- _Stored items_
+ + + + + + +
Lemma psi_ent a j : j < k ->
  ent i0 (psi a) j = if j == P then i0 else lft (ent y0 a (gi j)).
Proof. by move=> jk; rewrite /ent nth_mkseq. Qed.

Lemma psi_P a : ent i0 (psi a) P = i0.
Proof. by rewrite psi_ent // eqxx. Qed.

Lemma psi_0 a : ent i0 (psi a) 0 = lft (ent y0 a 0).
Proof. by rewrite psi_ent ?(leq_ltn_trans (leq0n P)) // eq_sym (gtn_eqF P0) /gi P0. Qed.

Lemma psi_inj : injective psi.
Proof.
move=> a b eab; apply: (kperm_eq (x0 := y0)) => j jk.
have := congr1 (ent i0 ^~ (hi j)) eab; rewrite /= !psi_ent ?hi_lt //.
by rewrite (negbTE (hi_neq j)) gi_hi => /lft_inj.
Qed.

Lemma psi_image (x0 : 'I_n) : psi @: setT = [set p | ent x0 p P == i0].
Proof.
apply/setP => p; rewrite inE (ent_default x0 i0) //.
apply/imsetP/eqP => [[a _ ->] | pP]; first exact: psi_P.
have pj j : j < k - 1 -> ent i0 p (hi j) != i0.
  by move=> jk; rewrite -[X in _ != X]pP ent_eq ?hi_lt ?hi_neq.
pose s := mkseq (fun j => unbump i0 (ent i0 p (hi j))) (k - 1).
have [a sa] : exists a : kperm (n - 1) (k - 1), kseq a = s.
  apply: (kperm_of_seq y0); first exact: size_mkseq.
    apply/allP => _ /mapP [j /[!mem_iota] /andP [_ jk] ->].
    by have [x <-] := lft_onto (pj j jk); rewrite lftE bumpK.
  apply/mkseq_uniqP => i j /[!inE] ik jk /(congr1 (bump i0)).
  rewrite !unbumpK ?inE ?pj // => /val_inj/ent_inj.
  by move=> /(_ (hi_lt ik) (hi_lt jk)) /(congr1 gi); rewrite !gi_hi.
exists a => //; apply: (kperm_eq (x0 := i0)) => j jk; rewrite psi_ent //.
case: (eqVneq j P) => [-> // | jP]; apply: val_inj.
rewrite lftE -nth_kseq ?gi_lt // sa nth_mkseq ?gi_lt // hi_gi // unbumpK // inE.
by rewrite -{1}(hi_gi jP) pj ?gi_lt.
Qed.

Lemma psi_vp (u v : 'I_(n - 1)) a :
  psi (vp (tperm u v) a) = vp (tperm (lft u) (lft v)) (psi a).
Proof.
apply: (kperm_eq (x0 := i0)) => j jk; rewrite ent_vp // !psi_ent //.
case: (eqVneq j P) => [_ | jP]; last by rewrite ent_vp ?gi_lt // lft_tperm.
by rewrite tpermD // lft_neq.
Qed.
+ + + + + + +
- _Instructions for the task_
Pull out all lines containing the word "case" from the entries above.

- _Answer to this problem_
case: (eqVneq j P) => [-> // | jP]; apply: val_inj.
case: (eqVneq j P) => [_ | jP]; last by rewrite ent_vp ?gi_lt // lft_tperm.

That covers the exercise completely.